CD8+ T cells were lysed on ice with Radio immunoprecipitation assay (RIPA) buffer (Beyotime, P0013C) containing protease inhibitor (Beyotime, P1005) and phosphatase inhibitor (Beyotime, P1050) for protein collection. After centrifugation at 14,000×g for 10 min at 4 °C, the supernatants were collected. Then, the protein concentration was quantified using the BCA Protein Quantitative Analysis Kit (Beyotime, P0009). Appropriate amounts of proteins were added to 7.5% sodium dodecyl sulfate–polyacrylamide gel electrophoresis followed by migration and transferred onto polyvinylidene difluoride membranes.

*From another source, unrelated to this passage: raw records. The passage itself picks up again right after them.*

Lemma is_derive_gauss_pdf (u : R) : is_derive u 1 (gauss_pdf b) (gauss_pdf' u).
Proof.
pose q (y : R) := - y ^+ 2 / (2 * b ^+ 2).
have dq : is_derive u 1 q (- (u / b ^+ 2)).
  have -> : q = (- (2 * b ^+ 2)^-1) \*: (@id R) ^+ 2.
    by apply/funext => y; rewrite /q /= [in RHS]/GRing.scale /= mulrC mulrN mulNr.
  apply: (is_derive_eq (is_deriveZ _ (is_deriveX 2 (is_derive_id u 1)))).
  by rewrite /GRing.scale /= expr1; field; rewrite gt_eqF // exprn_gt0.
have -> : gauss_pdf b = gauss_pdf b 0 \*: (expR \o q).
  by apply/funext => y; rewrite gauss_pdfE /GRing.scale /= mulrC.
apply: (is_derive_eq (is_deriveZ _ (is_derive1_comp (is_derive_expR _) dq))).
by rewrite /gauss_pdf' (gauss_pdfE u) /GRing.scale /= /q; ring.
Qed.

Lemma bounded_continuous_gauss_pdf : bounded_continuous (gauss_pdf b).
Proof.
split.
  move=> u; apply: differentiable_continuous; apply/derivable1_diffP.
  by have [] := is_derive_gauss_pdf u.
exists (gauss_pdf b 0) => u; rewrite ger0_norm; last exact: ltW (gauss_pdf_gt0 u).
by apply: gauss_pdf_le_norm; rewrite normr0.
Qed.

(* [|u| <= (1 + 2 b^2) (1 + s) <= (1 + 2 b^2) e^s] with [s = u^2 / (2 b^2)]. *)
Lemma bounded_continuous_gauss_pdf' : bounded_continuous gauss_pdf'.
Proof.
have [cg _] := bounded_continuous_gauss_pdf; split.
  move=> u; apply: cvgM; last exact: cg.
  by apply: cvgN; apply: cvgM; [exact: cvg_id | exact: cvg_cst].
have b2_gt0 : 0 < b ^+ 2 by rewrite exprn_gt0.
exists ((1 + 2 * b ^+ 2) / b ^+ 2 * gauss_pdf b 0) => u.
set s := u ^+ 2 / (2 * b ^+ 2).
have s_ge0 : 0 <= s by rewrite divr_ge0 // ?sqr_ge0 // mulr_ge0 // ltW.
have u_le : `|u| <= (1 + 2 * b ^+ 2) * expR s.
  apply: (le_trans _ (ler_wpM2l _ (expR_ge1Dx s))); last by lra.
  have u2 : `|u| ^+ 2 = 2 * b ^+ 2 * s.
    by rewrite real_normK ?num_real // /s; field; rewrite gt_eqF.
  have := normr_ge0 u; nra.
have u_div : `|u| / expR s <= 1 + 2 * b ^+ 2 by rewrite ler_pdivrMr // expR_gt0.
rewrite /gauss_pdf' normrM normrN (ger0_norm (ltW (gauss_pdf_gt0 u))) normrM.
have b2inv_ge0 : 0 <= (b ^+ 2)^-1 by rewrite invr_ge0 ltW.
rewrite (ger0_norm b2inv_ge0) gauss_pdfE mulNr -/s expRN.
rewrite mulrA ler_pM2r; last exact: gauss_pdf_gt0.
by rewrite mulrAC ler_pM2r // invr_gt0.
Qed.

End gauss_pdf.

Section density_integral.
Variables (R : realType) (p : R -> R).
Hypothesis p_density : is_density p.
Notation mu := (@lebesgue_measure R).
Implicit Types h : R -> R.

Lemma density_ge0 y : 0 <= p y.
Proof. by case: p_density => _ []. Qed.

Lemma integrable_densityM h : bounded_continuous h ->
  mu.-integrable setT (EFin \o (fun y => p y * h y)).
Proof.
case: p_density => mp [p_ge0 p1] [ch [K hK]].
have -> : EFin \o (fun y => p y * h y) = ((EFin \o p) \* (EFin \o h))%E.
  by apply/funext => y /=; rewrite EFinM.
apply: integrableMl => //.
- apply/integrableP; split; first exact/measurable_EFinP.
  by under eq_integral do rewrite /= ger0_norm ?p_ge0 //; rewrite p1 ltry.
- exact: continuous_measurable_fun.
exists K; split; first exact: num_real.
by move=> M KM y _ /=; apply: le_trans (hK y) (ltW KM).
Qed.

Lemma Rintegral_densityZl (c : R) h : bounded_continuous h ->
  \int[mu]_(y in setT) (p y * (c * h y)) = c * \int[mu]_(y in setT) (p y * h y).
Proof.
move=> bh; rewrite -RintegralZl //; last exact: integrable_densityM.
by apply: eq_Rintegral => y _; rewrite mulrCA.
Qed.

Lemma Rintegral_densityD h1 h2 : bounded_continuous h1 -> bounded_continuous h2 ->
  \int[mu]_(y in setT) (p y * (h1 y + h2 y)) =
  \int[mu]_(y in setT) (p y * h1 y) + \int[mu]_(y in setT) (p y * h2 y).
Proof.
move=> bh1 bh2; rewrite -RintegralD //; try exact: integrable_densityM.
by apply: eq_Rintegral => y _; rewrite mulrDr.
Qed.

Lemma Rintegral_density_cst (c : R) : \int[mu]_(y in setT) (p y * c) = c.
Proof.
have := Rintegral_densityZl c (bounded_continuous_cst 1).
under eq_Rintegral do rewrite mulr1; under [in RHS]eq_Rintegral do rewrite mulr1.
case: p_density => _ [_ p1] ->.
by rewrite /Rintegral p1 mulr1.
Qed.

Lemma ler_Rintegral_density lo hi h1 h2 : supported_on p lo hi ->
  bounded_continuous h1 -> bounded_continuous h2 ->
  (forall y, lo <= y <= hi -> h1 y <= h2 y) ->
  \int[mu]_(y in setT) (p y * h1 y) <= \int[mu]_(y in setT) (p y * h2 y).
Proof.
move=> p_supp bh1 bh2 h12.
apply: le_Rintegral => //; try exact: integrable_densityM.
move=> y _; case: (lerP lo y) => [lo_y|y_lo]; last by rewrite !p_supp ?mul0r //; left.
case: (lerP y hi) => [y_hi|hi_y]; last by rewrite !p_supp ?mul0r //; right.
by rewrite ler_wpM2l ?density_ge0 // h12 // lo_y y_hi.
Qed.

End density_integral.

Section noised_density.
Variables (R : realType) (p : R -> R) (a b : R).
Hypotheses (p_density : is_density p) (b_gt0 : 0 < b).
Notation mu := (@lebesgue_measure R).

Definition noised_density' (x : R) : R :=
  \int[mu]_(y in setT) (p y * gauss_pdf' b (x - a * y)).

Let bc_gauss x := bounded_continuous_affine x a (bounded_continuous_gauss_pdf b_gt0).
Let bc_gauss' x := bounded_continuous_affine x a (bounded_continuous_gauss_pdf' b_gt0).

Lemma is_derive_noised_density (x : R) :
  is_derive x 1 (noised_density p a b) (noised_density' x).
Proof.
pose f (z y : R) := p y * gauss_pdf b (z - a * y).
have df (z y : R) : is_derive z 1 (f ^~ y) (p y * gauss_pdf' b (z - a * y)).
  have dg := @is_derive1_comp _ _ (center (a * y)) z _ _
    (is_derive_gauss_pdf b_gt0 (z - a * y)) (is_derive_shift z 1 (- (a * y))).
  apply: (is_derive_eq (is_deriveZ (p y) dg)).
  by rewrite /GRing.scale /= mulr1.
have d1f (z y : R) : partial1of2 f z y = p y * gauss_pdf' b (z - a * y).
  by rewrite partial1of2E; have [_ ->] := df z y.
have [_ [K hK]] := bounded_continuous_gauss_pdf' b_gt0.
have x_in : `](x - 1), (x + 1)[%classic x by rewrite /= in_itv /=; apply/andP; split; lra.
have int_f z : `](x - 1), (x + 1)[%classic z -> mu.-integrable setT (EFin \o f z).
  by move=> _; exact: (integrable_densityM p_density).
have der_f z y : `](x - 1), (x + 1)[%classic z -> setT y -> derivable (f ^~ y) z 1.
  by move=> _ _; have [] := df z y.
have G_ge0 y : 0 <= p y * K.
  by rewrite mulr_ge0 ?(density_ge0 p_density) //; exact: le_trans (normr_ge0 _) (hK 0).
have int_G : mu.-integrable setT (EFin \o (fun y => p y * K)).
  exact: (integrable_densityM p_density) (bounded_continuous_cst K).
have dom z y : `](x - 1), (x + 1)[%classic z -> setT y -> `|partial1of2 f z y| <= p y * K.
  move=> _ _; rewrite d1f normrM ger0_norm ?(density_ge0 p_density) //.
  by rewrite ler_wpM2l ?(density_ge0 p_density).
have F_derivable := derivable_under_integral measurableT x_in int_f der_f G_ge0 int_G dom.
apply: DeriveDef; first exact: F_derivable.
rewrite -derive1E (differentiation_under_integral measurableT x_in int_f der_f G_ge0 int_G dom).
by apply: eq_Rintegral => y _; rewrite d1f.
Qed.

Variables (lo hi : R).
Hypothesis p_supp : supported_on p lo hi.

After washing, the membranes were blocked with Quickblock™ blocking buffer (Beyotime, P0231) for 30 min and incubated with specific primary antibodies against β-actin (Abcam, ab8226), HSP90α (Abcam, ab2928), TOX (Abcam, ab155768), STAT1 (Abcam, ab239360), p-STAT1 (Abcam, ab109461) and NFATc1 (Abcam, ab2796) at 4 °C overnight. The following day, the membranes were washed in TBST and incubated with the corresponding second antibody for 1 h at room temperature. Immunoreactive bands were visualized by chemiluminescence using an ECL Kit (Beyotime, P0018FS). Protein quantification was performed using ImageJ software (https://imagej.net/).

Co-immunoprecipitation (Co-IP)

CD8+ T cells were lyzed at 4 °C for 30 min in ice‐cold RIPA buffer. Supernatants were separated by centrifugation (14,000×g 10 min at 4 °C). Cell lysates were incubated with anti‐HSP90α (Abcam, ab2928), anti‐STAT1 (Abcam, ab239360), or the control IgG antibody (Beyotime, P2179M) for 16 h at 4 °C followed by a 2 h incubation with Protein A/G beads (Beyotime, P2179M) at 4 °C. After three washes with IP lysis buffer, protein samples were collected by boiling in 1 × SDS loading buffer for 10 min. Samples were separated using SDS–PAGE and further analyzed by performing immunoblotting. Immunoprecipitation with mouse IgG was taken as the negative control.

Statistical analysis

Data were organized and analyzed using GraphPad Prism (version 7.0, CA, USA) and SPSS software (version 21, IL, USA). The Shapiro–Wilk test was used to check the normality and homogeneity of variance of all data. Differences between the two groups were analyzed by the two-tailed t-test. Multiple comparisons were performed by one-way analysis of variance (ANOVA) followed by the Bonferroni post hoc test, respectively. The survival curve was plotted using the Kaplan–Meier method. All data were expressed as mean ± standard error, and p < 0.05 was considered statistically significant. Each independent experiment was repeated at least 3 times.